For one, the audience can see who DeWitt’s character was before she had a daughter. She has a strained relationship with her own parents, and doesn’t have the highest opinion of herself, which in turn affects how she raises Sara.
“What was interesting was how it highlighted all these foundational, feminist problems that we have as women and who we are,” Foster said. “She's ashamed of who she's been in the past and what her life ended up being and [she’s] dominated by a very somewhat nasty dad who didn't have a lot of respect for her and weird messed up relationships with men. But here she's found a vessel.”
Since the episode takes place over the course of several years, we see how both Marie and Sara are affected by the technology, with Marie as the primary focus. Wee watch her become more paranoid and consumed by the power she can have. It’s what Foster loves about the 90-minute episode Black Mirror structure; she can watch Marie change.
“For me, that was really exciting, “ Foster said. “That [DeWitt] brought to the table [a story] of watching a woman who starts off with these great intentions of what she's trying to do, but then the darkness of what her own fears starts taking over and she changes and becomes somebody that is a darker self.”

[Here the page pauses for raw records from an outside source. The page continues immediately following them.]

Lemma phi_of_gt k p1 p2 : 0 <= p1 -> p1 < p2 -> p2 <= PI -> hsgn th k p2 <= 0 ->
  phi_of th k p2 < phi_of th k p1.
Proof.
  intros H1 H12 H2 Hh.
  destruct (is_derive_MVT _ _ _ _ H12 (is_derive_phi_of k)) as [c [Hc E]].
  pose proof (hsgn_lt k c p2 ltac:(lra) ltac:(lra) ltac:(lra)).
  pose proof (sin_tau_pos c).
  assert (0 < sin th ^ 2 / sin (tau th c) ^ 3)
    by (apply Rdiv_lt_0_compat; apply pow_lt; lra).
  assert (sin th ^ 2 / sin (tau th c) ^ 3 * hsgn th k c < 0) by nra.
  nra.
Qed.

Lemma len_of_pos k p : 0 < len_of th k p.
Proof.
  pose proof (sin_tau_pos p). pose proof (eta_of_ge k p).
  unfold len_of. apply Rdiv_lt_0_compat; nra.
Qed.

Lemma len_of_sq k p : len_of th k p ^ 2 = eta_of th k p ^ 2 * (1 - gam th p ^ 2).
Proof.
  pose proof (sin_tau_pos p). rewrite gam_sq. unfold len_of. field. lra.
Qed.

Definition level (k : nat) (f p : R) : R :=
  eta_of th k p ^ 2 - (INR k * PI + p - f) ^ 2.

Lemma is_derive_level k f p : is_derive (level k f) p (2 * (f - phi_of th k p)).
Proof.
  unfold level, phi_of, eta_of. auto_derive; [apply ex_derive_tau|].
  rewrite Derive_tau. ring.
Qed.

Lemma level_phi_of k p : level k (phi_of th k p) p = len_of th k p ^ 2.
Proof. rewrite len_of_sq. unfold level, phi_of. ring. Qed.

Lemma phi_of_lt_between k p1 c p2 :
  0 <= p1 -> p1 < c < p2 -> p2 <= PI -> phi_of th k p1 = phi_of th k p2 ->
  phi_of th k c < phi_of th k p1.
Proof.
  intros H1 Hc H2 HP.
  destruct (Rle_lt_dec (hsgn th k c) 0) as [Hh | Hh].
  - apply phi_of_gt; lra.
  - rewrite HP. apply phi_of_lt; lra.
Qed.

Lemma len_of_lt_same_branch k p1 p2 :
  0 <= p1 -> p1 < p2 -> p2 <= PI -> phi_of th k p1 = phi_of th k p2 ->
  len_of th k p1 < len_of th k p2.
Proof.
  intros H1 H12 H2 HP.
  set (f := phi_of th k p1).
  assert (Hlevel : level k f p1 < level k f p2).
  { apply (is_derive_lt _ _ _ _ (is_derive_level k f)); auto.
    intros c Hc. pose proof (phi_of_lt_between k p1 c p2 H1 Hc H2 HP). unfold f. lra. }
  unfold f in Hlevel. rewrite level_phi_of, HP, level_phi_of in Hlevel.
  pose proof (len_of_pos k p1). pose proof (len_of_pos k p2). nra.
Qed.

Lemma len_of_lt_later_branch_of_hsgn_nonneg k k' p p' :
  (k < k')%nat -> 0 <= p <= PI -> 0 <= p' <= PI -> 0 <= hsgn th k p ->
  phi_of th k p = phi_of th k' p' -> len_of th k p < len_of th k' p'.
Proof.
  intros Hk Hp Hp' Hh HP.
  destruct (Rle_lt_dec p' p) as [Hpp | Hpp].
  - pose proof (tau_sub_le p' p Hpp).
    assert (eta_of th k' p' * gam th p' - eta_of th k p * gam th p
              <= eta_of th k' p' - eta_of th k p)
      by (unfold phi_of, eta_of in *; lra).
    enough (len_of th k p ^ 2 < len_of th k' p' ^ 2)
      by (pose proof (len_of_pos k p); pose proof (len_of_pos k' p'); nra).
    rewrite !len_of_sq. apply sq_mul_one_sub_sq_lt; auto using eta_of_lt.
    + pose proof (eta_of_ge k p). lra.
    + split; auto using gam_ge_0, gam_lt_1.
    + split; auto using gam_ge_0, gam_lt_1.
  - apply Rle_lt_trans with (len_of th k p'); [apply len_of_le; lra|].
    pose proof (eta_of_lt k k' p' p' Hk). pose proof (sin_tau_pos p').
    unfold len_of. apply Rmult_lt_compat_r; [apply Rinv_0_lt_compat; lra|].
    apply Rmult_lt_compat_l; lra.
Qed.

Lemma phi_of_PI k : phi_of th k PI = INR k * PI + PI.
Proof. unfold phi_of, gam. rewrite sin_PI. unfold Rdiv. ring. Qed.

Lemma hsgn_PI_pos k : 0 < hsgn th k PI.
Proof.
  unfold hsgn. rewrite cos_PI.
  pose proof (sin_tau_pos PI). pose proof (eta_of_ge k PI). nra.
Qed.

(* Past the zero of [hsgn], [phi_of] climbs back to [k PI + PI]. *)
Lemma phi_of_return k p :
  0 <= p <= PI -> hsgn th k p < 0 -> phi_of th k p <= INR k * PI + PI ->
  exists q, p < q <= PI /\ phi_of th k q = phi_of th k p /\ 0 <= hsgn th k q.
Proof.
  intros Hp Hh Hle.
  pose proof (hsgn_PI_pos k).
  destruct (IVT_cor (hsgn th k) p PI
              (is_derive_continuity _ _ (is_derive_hsgn k)) ltac:(lra) ltac:(nra))
    as [z [Hz Hz0]].
  assert (p < z) by (destruct (Req_dec p z); subst; lra).
  pose proof (phi_of_gt k p z ltac:(lra) ltac:(lra) ltac:(lra) ltac:(lra)).
  set (G := fun q => phi_of th k q - phi_of th k p).
  assert (HG : continuity G).
  { apply continuity_minus; [exact (is_derive_continuity _ _ (is_derive_phi_of k))|].
    apply continuity_const. now intros ? ?. }
  destruct (IVT_cor G z PI HG ltac:(lra)) as [q [Hq Hq0]].
  { unfold G. rewrite phi_of_PI. nra. }
  exists q. unfold G in Hq0. repeat split; try lra.
  rewrite <- Hz0. destruct (Req_dec z q) as [<- | Hzq]; [lra|].
  left. apply hsgn_lt; lra.
Qed.

Lemma len_of_lt_later_branch k k' p p' :
  (k < k')%nat -> 0 <= p <= PI -> 0 <= p' <= PI ->
  phi_of th k p = phi_of th k' p' -> phi_of th k p <= INR k * PI + PI ->
  len_of th k p < len_of th k' p'.
Proof.
  intros Hk Hp Hp' HP Hle.
  destruct (Rle_lt_dec 0 (hsgn th k p)) as [Hh | Hh].
  - now apply len_of_lt_later_branch_of_hsgn_nonneg.
  - destruct (phi_of_return k p Hp Hh Hle) as [q [Hq [HPq Hhq]]].
    apply Rlt_trans with (len_of th k q).
    + apply len_of_lt_same_branch; auto; lra.
    + apply len_of_lt_later_branch_of_hsgn_nonneg; auto; lra.
Qed.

Both DeWitt and Foster also noted that her behavior is relatable just based on current politics. The experimental equipment in “Arkangel” is completely about control, which many parents long to have for their children, but it’s also about how many women would want to protect their daughters, projecting their own fears about society on to them as they grow up, according to DeWitt and Foster.
The recent wave of sexual harassment and abuse allegations against men in politics and entertainment is evidence of what DeWitt and Foster are talking about. At the time of this writing, NBC News reported that 38 high-profile men have been accused of anything from making women feel physically uncomfortable to outright rape. That number doesn’t include those that have been accused before the recent string of allegations but still continue to work, and lesser-known figures that have also faced consequences.
“Arkangel” is about raising a child, but it’s more specifically about raising a daughter in a world that may be too dangerous for her. Or at least, Marie has the perception that she must protect Sara.
“When you have daughters, you look at ‘how I can protect them,’” DeWitt said. “We used to think that it was just protecting them from the boogieman, but it's about how to protect them from their seventh grade peer or their boss. We've just been in denial.”
That, along with just the technology itself, all ties together to create a complicated situation for both Marie and the audience. The technology in Black Mirror isn’t always benevolent but at it’s core, most of it is about having more control over something. Here, it’s about fear.
“The fears we have for our daughters is wrapped up in our own fears about sexuality, in our own issues with self-determination and the, gosh, the messed up pasts that we've had,” Foster said. “The heightened fear and the heightened need for control — those two things are becoming more and more prevalent in our culture.”